Reddit Sues Perplexity & AI Companies for Scraping Comments
- Reddit has escalated its fight against unauthorized use of its data for AI training, filing a lawsuit wednesday against Perplexity AI and three other companies.Teh suit alleges large-scale...
- What: Reddit is suing Perplexity AI, Oxylabs UAB, AWMProxy, and SerpApi for scraping Reddit content for AI training.
- The lawsuit claims the defendants employed "shady circumvention tactics" to bypass Reddit's protocols and extract data for commercial purposes.
Reddit Sues Perplexity and Others Over AI Data Scraping, Focusing on User Comments
Reddit has escalated its fight against unauthorized use of its data for AI training, filing a lawsuit wednesday against Perplexity AI and three other companies.Teh suit alleges large-scale scraping of Reddit content – specifically user comments – to feed AI models without permission, violating copyright, engaging in unfair competition, and unjustly enriching the defendants.This follows a similar lawsuit filed in June against Anthropic.
The lawsuit claims the defendants employed “shady circumvention tactics” to bypass Reddit’s protocols and extract data for commercial purposes. Reddit emphasizes its content,particularly its vibrant comment sections,as a unique and valuable resource. The platform argues that unauthorized scraping undermines its ability to control how its data is used and to protect its users.

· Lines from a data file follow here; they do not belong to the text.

(* Let $\mathbb{F}\in\{\mathbb{R},\mathbb{C}\}$, let $\{\varphi_i\}_{i=1}^M$ be a Parseval frame for $\mathbb{F}^N$, and let $0<k\leq N$. Assume that all $k$-element subsets of the frame span parallelotopes of the same $k$-dimensional volume, i.e. $v_k(\Phi_K)$ is the same for all $K\subseteq[M]$ with $|K|=k$. Then all $(k-1)$-element subsets also span parallelotopes of the same $(k-1)$-dimensional volume, i.e. $v_{k-1}(\Phi_J)$ is the same for all $J\subseteq[M]$ with $|J|=k-1$.
   Context: A Parseval frame for $\mathbb{F}^N$ is a family $\{\varphi_i\}_{i=1}^M\subseteq\mathbb{F}^N$ whose $N\times M$ matrix $\Phi$ (columns $\varphi_i$) satisfies $\Phi\Phi^*=I$. For $K\subseteq[M]$, $\Phi_K$ is the submatrix of columns indexed by $K$, and for an $N\times m$ matrix $F$ with $m\le N$, $v_m(F)=\sqrt{\det(F^*F)}$ (with $v_0=1$). *)

From HB Require Import structures.
From mathcomp Require Import all_boot all_order all_algebra.
Set Implicit Arguments. Unset Strict Implicit. Unset Printing Implicit Defensive.
Import Order.TTheory GRing.Theory Num.Theory.
Local Open Scope ring_scope.

(* Phi_K : the N x |K| submatrix of the columns of Phi indexed by K
   (columns taken in increasing order of their index). *)
Definition subcols (T : Type) (N M : nat) (Phi : 'M[T]_(N, M)) (K : {set 'I_M})
  : 'M[T]_(N, #|K|) := colsub (@enum_val _ (mem K)) Phi.

(* Real case F = R (any real closed field): adjoint = transpose. *)
Definition parsevalR (R : rcfType) (N M : nat) (Phi : 'M[R]_(N, M)) : Prop :=
  Phi *m Phi^T = 1%:M.
Definition volR (R : rcfType) (N m : nat) (F : 'M[R]_(N, m)) : R :=
  Num.sqrt (\det (F^T *m F)).

(* Complex case F = C (any numeric algebraically closed field):
   adjoint = conjugate transpose. *)
Definition adjmx (C : numClosedFieldType) (m n : nat) (A : 'M[C]_(m, n))
  : 'M[C]_(n, m) := map_mx Num.conj A^T.
Definition parsevalC (C : numClosedFieldType) (N M : nat) (Phi : 'M[C]_(N, M))
  : Prop := Phi *m adjmx Phi = 1%:M.
Definition volC (C : numClosedFieldType) (N m : nat) (F : 'M[C]_(N, m)) : C :=
  sqrtC (\det (adjmx F *m F)).

From HB Require Import structures.
From mathcomp Require Import all_boot all_order all_algebra all_fingroup.
Import Order.TTheory GRing.Theory Num.Theory.
Set Implicit Arguments. Unset Strict Implicit. Unset Printing Implicit Defensive.
Local Open Scope ring_scope.

(* Let g(F) = det(F^* F) be the Gram determinant of the columns of F and P_F
   the orthogonal projection onto the orthogonal complement of their span.
   Block elimination gives g([v F]) = |P_F v|^2 g(F), and for a Parseval frame
   sum_i |P_F phi_i|^2 = tr (P_F Phi Phi^* P_F) = tr P_F = N - m.  Hence for
   |J| = m,  (N - m) g(Phi_J) = sum_{i notin J} g(Phi_{J + i}),  and if all
   (m+1)-subsets have the same Gram determinant the right-hand side depends only
   on m; since m < N the factor N - m can be cancelled.  Both the real and the
   complex case are instances of a field with a positive involution s. *)

Lemma imset_enum_val (T : finType) (K : {set T}) :
  [set @enum_val _ (mem K) x | x in 'I_#|K|] = K.
Proof.
apply/setP => y; apply/imsetP/idP => [[x _ ->]|Ky]; first exact: enum_valP.
by exists (enum_rank_in Ky y); rewrite ?enum_rankK_in.
Qed.

Section IndexInsertion.

Variables (M : nat) (J : {set 'I_M}) (i : 'I_M).

Definition cons_index (r : 'I_(1 + #|J|)) : 'I_M :=
  if split r is inr r' then @enum_val _ (mem J) r' else i.

Lemma cons_index_lshift : cons_index (lshift #|J| ord0) = i.
Proof. by rewrite /cons_index -[lshift _ _]/(unsplit (inl _)) unsplitK. Qed.

Lemma cons_index_rshift r : cons_index (rshift 1 r) = @enum_val _ (mem J) r.
Proof. by rewrite /cons_index -[rshift _ _]/(unsplit (inr _)) unsplitK. Qed.

Lemma imset_cons_index : [set cons_index r | r in 'I_(1 + #|J|)] = i |: J.
Proof.
apply/setP => y; rewrite in_setU1; apply/imsetP/idP => [[r _ ->]|].
  rewrite /cons_index; case: (split r) => [_|r'].
    by rewrite eqxx.
  by rewrite enum_valP orbT.
case/orP => [/eqP ->|Jy].
  by exists (lshift #|J| ord0); rewrite ?cons_index_lshift.
by exists (rshift 1 (enum_rank_in Jy y));
  rewrite ?cons_index_rshift ?enum_rankK_in.
Qed.

Lemma cons_index_inj : i \notin J -> injective cons_index.
Proof.
move=> iJ r r'; rewrite /cons_index.
case: splitP => [a ra|a ra]; case: splitP => [b rb|b rb].
- by move=> _; apply/val_inj; rewrite /= ra rb (ord1 a) (ord1 b).
- by move=> e; move: iJ; rewrite e enum_valP.
- by move=> e; move: iJ; rewrite -e enum_valP.
- by move/enum_val_inj => e; apply/val_inj; rewrite /= ra rb e.
Qed.

Lemma row_mx_col_subcols (T : Type) N (Phi : 'M[T]_(N, M)) :
  row_mx (col i Phi) (subcols Phi J) = colsub cons_index Phi.
Proof.
apply/matrixP => a b; rewrite /cons_index !mxE.
by case: (split b) => c; rewrite !mxE.
Qed.

End IndexInsertion.

Lemma sum_setU1_card_const (V : nmodType) M m (f : {set 'I_M} -> V) :
  (forall K K' : {set 'I_M}, #|K| = m.+1 -> #|K'| = m.+1 -> f K = f K') ->
  forall J J' : {set 'I_M}, #|J| = m -> #|J'| = m ->
  \sum_(i | i \notin J) f (i |: J) = \sum_(i | i \notin J') f (i |: J').
Proof.
move=> f_const J J' cardJ cardJ'.
have cardU1 (L : {set 'I_M}) i : #|L| = m -> i \notin L -> #|i |: L| = m.+1.
  by move=> <- iL; rewrite cardsU1 iL.
case: (pickP (fun K : {set 'I_M} => #|K| == m.+1)) => [K0 /eqP cardK0 | noK].
  have sumE (L : {set 'I_M}) :
      #|L| = m -> \sum_(i | i \notin L) f (i |: L) = f K0 *+ (M - m).
    move=> cardL; have cardC : #|~: L| = (M - m)%N.
      by rewrite cardsCs setCK card_ord cardL.
    rewrite -cardC -sumr_const.
    apply: eq_big => [i|i iL]; first by rewrite in_setC.
    exact: f_const (cardU1 _ _ cardL iL) cardK0.
  by rewrite !sumE.
have noU1 (L : {set 'I_M}) i : #|L| = m -> i \notin L -> f (i |: L) = 0.
  by move=> cardL iL; have := noK (i |: L); rewrite cardU1 ?eqxx.
by rewrite !big1 // => i; apply: noU1.
Qed.

Section GramDeterminant.

Variables (R : numFieldType) (s : {rmorphism R -> R}).
Hypothesis sK : involutive s.
Hypothesis s_mul_gt0 : forall y, y != 0 -> 0 < s y * y.

Definition adj m n (X : 'M[R]_(m, n)) : 'M[R]_(n, m) := map_mx s X^T.
Definition normsq n (y : 'cV[R]_n) : R := (adj y *m y) 0 0.
Definition gram_det n m (F : 'M[R]_(n, m)) : R := \det (adj F *m F).
Definition coproj n m (F : 'M[R]_(n, m)) : 'M[R]_n :=
  1%:M - F *m invmx (adj F *m F) *m adj F.

Lemma adjM m n p (X : 'M[R]_(m, n)) (Y : 'M[R]_(n, p)) :
  adj (X *m Y) = adj Y *m adj X.
Proof. by rewrite /adj trmx_mul map_mxM. Qed.

Lemma adjK m n : cancel (@adj m n) (@adj n m).
Proof. by move=> X; apply/matrixP => i j; rewrite !mxE sK. Qed.

Lemma adj0 m n : adj (0 : 'M[R]_(m, n)) = 0.
Proof. by rewrite /adj trmx0 map_mx0. Qed.

Lemma adj1 n : adj (1%:M : 'M[R]_n) = 1%:M.
Proof. by rewrite /adj trmx1 map_mx1. Qed.

Lemma adjB m n (X Y : 'M[R]_(m, n)) : adj (X - Y) = adj X - adj Y.
Proof. by rewrite /adj linearB map_mxB. Qed.

Lemma adj_row_mx m n1 n2 (X : 'M[R]_(m, n1)) (Y : 'M[R]_(m, n2)) :
  adj (row_mx X Y) = col_mx (adj X) (adj Y).
Proof. by rewrite /adj tr_row_mx map_col_mx. Qed.

Lemma det_adj n (X : 'M[R]_n) : \det (adj X) = s (\det X).
Proof. by rewrite det_map_mx det_tr. Qed.

Lemma s_mul_ge0 y : 0 <= s y * y.
Proof. by have [->|/s_mul_gt0/ltW //] := eqVneq y 0; rewrite rmorph0 mul0r. Qed.

Lemma normsqE n (y : 'cV[R]_n) : normsq y = \sum_r s (y r 0) * y r 0.
Proof. by rewrite /normsq !mxE; apply: eq_bigr => r _; rewrite !mxE. Qed.

Lemma normsq_ge0 n (y : 'cV[R]_n) : 0 <= normsq y.
Proof. by rewrite normsqE sumr_ge0 // => r _; apply: s_mul_ge0. Qed.

Lemma normsq_eq0 n (y : 'cV[R]_n) : normsq y = 0 -> y = 0.
Proof.
rewrite normsqE => /psumr_eq0P y0; apply/matrixP => r c; rewrite (ord1 c) mxE.
apply: contra_eq (y0 (fun r _ => s_mul_ge0 _) r isT) => /s_mul_gt0.
by rewrite lt0r => /andP[].
Qed.

Lemma sum_normsq_col n p (X : 'M[R]_(n, p)) :
  \sum_i normsq (col i X) = \tr (adj X *m X).
Proof.
rewrite /mxtrace; apply: eq_bigr => i _; rewrite /normsq !mxE.
by apply: eq_bigr => r _; rewrite !mxE.
Qed.

Lemma mulmx_gram_eq0 n m (F : 'M[R]_(n, m)) (x : 'cV[R]_m) :
  adj F *m F *m x = 0 -> F *m x = 0.
Proof.
move=> Fx; apply: normsq_eq0.
by rewrite /normsq adjM -mulmxA (mulmxA (adj F)) Fx mulmx0 mxE.
Qed.

Lemma gram_det_row_mx_eq0 n m (F : 'M[R]_(n, m)) (v : 'cV[R]_n) :
  gram_det F = 0 -> gram_det (row_mx v F) = 0.
Proof.
move/eqP; rewrite /gram_det -det_tr => /det0P[u u0 uA].
have Fu : F *m u^T = 0.
  by apply: mulmx_gram_eq0; rewrite -[_ *m F]trmxK -trmx_mul uA trmx0.
apply/eqP; rewrite -det_tr; apply/det0P; exists (row_mx 0 u).
  by apply: contraNneq u0; rewrite -row_mx0 => /eq_row_mx[_ ->].
rewrite -[row_mx 0 u]trmxK -trmx_mul -mulmxA tr_row_mx trmx0 mul_row_col.
by rewrite mulmx0 add0r Fu mulmx0 trmx0.
Qed.

Lemma gram_det_row_mx n m (F : 'M[R]_(n, m)) (v : 'cV[R]_n) :
  gram_det F != 0 ->
  gram_det (row_mx v F) = normsq (coproj F *m v) * gram_det F.
Proof.
move=> F0; have Fu : adj F *m F \in unitmx by rewrite unitmxE unitfE.
set x := invmx (adj F *m F) *m (adj F *m v).
have -> : coproj F *m v = v - F *m x by rewrite mulmxBl mul1mx -!mulmxA.
set w := v - F *m x.
have vF : row_mx v F = row_mx w F *m block_mx 1%:M 0 x 1%:M.
  by rewrite mul_row_block !mulmx1 mulmx0 subrK add0r.
have Fw : adj F *m w = 0 by rewrite mulmxBr mulmxA mulKVmx // subrr.
have wF : adj w *m F = 0 by rewrite -[F]adjK -adjM Fw adj0.
rewrite /gram_det vF adjM -mulmxA det_mulmx mulmxA det_mulmx.
rewrite adj_row_mx mul_col_row Fw wF det_ublock det_mx11 det_lblock !det1 mulr1.
by rewrite det_adj det_lblock !det1 mulr1 rmorph1 mul1r mulr1.
Qed.

Lemma gram_det_ge0 n m (F : 'M[R]_(n, m)) : 0 <= gram_det F.
Proof.
elim: m F => [|m IHm] F; first by rewrite /gram_det det_mx00.
have -> : F = row_mx (lsubmx (F : 'M_(n, 1 + m))) (rsubmx (F : 'M_(n, 1 + m))).
  by rewrite hsubmxK.
set F' := rsubmx _.
have [F'0|F'0] := eqVneq (gram_det F') 0; first by rewrite gram_det_row_mx_eq0.
by rewrite gram_det_row_mx // mulr_ge0 ?normsq_ge0.
Qed.

Lemma adj_coproj n m (F : 'M[R]_(n, m)) : adj (coproj F) = coproj F.
Proof.
rewrite /coproj adjB adj1 !adjM adjK mulmxA; congr (_ - _ *m _ *m _).
by rewrite {1}/adj trmx_inv map_invmx -/(adj _) adjM adjK.
Qed.

Lemma coproj_idem n m (F : 'M[R]_(n, m)) :
  gram_det F != 0 -> coproj F *m coproj F = coproj F.
Proof.
move=> F0; have Fu : adj F *m F \in unitmx by rewrite unitmxE unitfE.
set Q := F *m invmx (adj F *m F) *m adj F.
have QQ : Q *m Q = Q.
  rewrite /Q -!mulmxA; congr (_ *m _).
  by rewrite !mulmxA -(mulmxA (invmx _)) mulVmx ?mul1mx.
by rewrite /coproj -/Q mulmxBl mul1mx mulmxBr mulmx1 QQ subrr subr0.
Qed.

Lemma mxtrace_coproj n m (F : 'M[R]_(n, m)) :
  gram_det F != 0 -> \tr (coproj F) = n%:R - m%:R.
Proof.
move=> F0; have Fu : adj F *m F \in unitmx by rewrite unitmxE unitfE.
by rewrite linearB /= mxtrace1 -mulmxA mxtrace_mulC -mulmxA mulVmx ?mxtrace1.
Qed.

Lemma sum_gram_det_row_mx N M (Phi : 'M[R]_(N, M)) m (F : 'M[R]_(N, m)) :
  Phi *m adj Phi = 1%:M ->
  \sum_i gram_det (row_mx (col i Phi) F) = (N%:R - m%:R) * gram_det F.
Proof.
move=> Parseval; have [F0|F0] := eqVneq (gram_det F) 0.
  by rewrite F0 mulr0 big1 // => i _; apply: gram_det_row_mx_eq0.
under eq_bigr => i _ do rewrite gram_det_row_mx // colE mulmxA -colE.
rewrite -big_distrl /= sum_normsq_col mxtrace_mulC adjM adj_coproj mulmxA.
by rewrite -(mulmxA _ Phi) Parseval mulmx1 coproj_idem // mxtrace_coproj.
Qed.

Lemma gram_det_mulmx_perm n m (X : 'M[R]_(n, m)) (p : 'S_m) :
  gram_det (X *m perm_mx p) = gram_det X.
Proof.
rewrite /gram_det adjM -mulmxA det_mulmx mulmxA det_mulmx det_adj det_perm.
by rewrite rmorph_sign mulrCA -signr_addb addbb expr0 mulr1.
Qed.

Lemma gram_det_colsub_eq0 N M (Phi : 'M[R]_(N, M)) n (f : 'I_n -> 'I_M) x y :
  x != y -> f x = f y -> gram_det (colsub f Phi) = 0.
Proof.
move=> xy fxy; rewrite /gram_det -det_tr.
apply: (determinant_alternate xy) => j; rewrite !mxE.
by apply: eq_bigr => r _; rewrite !mxE fxy.
Qed.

“Reddit has rules,” the lawsuit states. “It does not permit unauthorized commercialization of Reddit content… If AI companies want to legally access Reddit data, they need to comply with Reddit’s policies.” Reddit points to agreements it has reached with companies like OpenAI and Google as examples of responsible data access, where safeguards are in place.
The defendants named in the suit are:
* Perplexity AI: A San Francisco-based AI chatbot focused on web search.
* Oxylabs UAB: A Lithuania-based web scraping service.
* AWMProxy: A Russian web domain company.
* serpapi: A Texas-based search engine results page (SERP) API provider.
The lawsuit builds on Reddit’s previous legal action against Anthropic, demonstrating a firm stance against unauthorized data usage. Perplexity AI responded to the Associated Press stating they will “fight vigorously for users’ rights to freely and fairly access public knowledge.”
This lawsuit is a critical moment in the ongoing debate about AI training data. Reddit isn’t simply protecting its intellectual property; it’s asserting control over how its community’s contributions are used. The value of reddit lies not just in the information shared, but in the dynamic, conversational nature of its forums. Scraping this data without permission risks devaluing that unique environment. We’re likely to see more platforms adopt similar legal strategies as AI development continues to accelerate, and the question of “fair use” in the context of large language models becomes increasingly complex. The fact that Reddit is distinguishing between companies that negotiate access and those that scrape is importent - it’s not anti-AI, but pro-responsible AI development.
– marcusrodriguez
The rise of AI has created a significant demand for training data, and web scraping has become a common method for acquiring it. Though, this practice raises legal and ethical concerns, particularly regarding copyright, terms of service, and user privacy.Here’s a breakdown of the types of companies involved in this ecosystem:
| Company Type | Role in Data Scraping | Example (from lawsuit) |
|---|---|---|
| AI Chatbot Developer | Utilizes scraped data to train large language models. | Perplexity AI |
| Web Scraping Service | Provides tools and infrastructure for extracting data from websites. | Oxylabs UAB |
| Proxy Provider | Offers IP addresses to mask scraping activity and bypass restrictions. | AWMProxy |
| SERP API Provider | Provides access to search engine results, often used for data collection. | SerpApi |
This case, along with the suit against Anthropic, signals Reddit’s determination to protect its data and establish clear rules for AI companies seeking to leverage its platform. The outcome will likely have far-reaching implications for the future of AI development and data governance.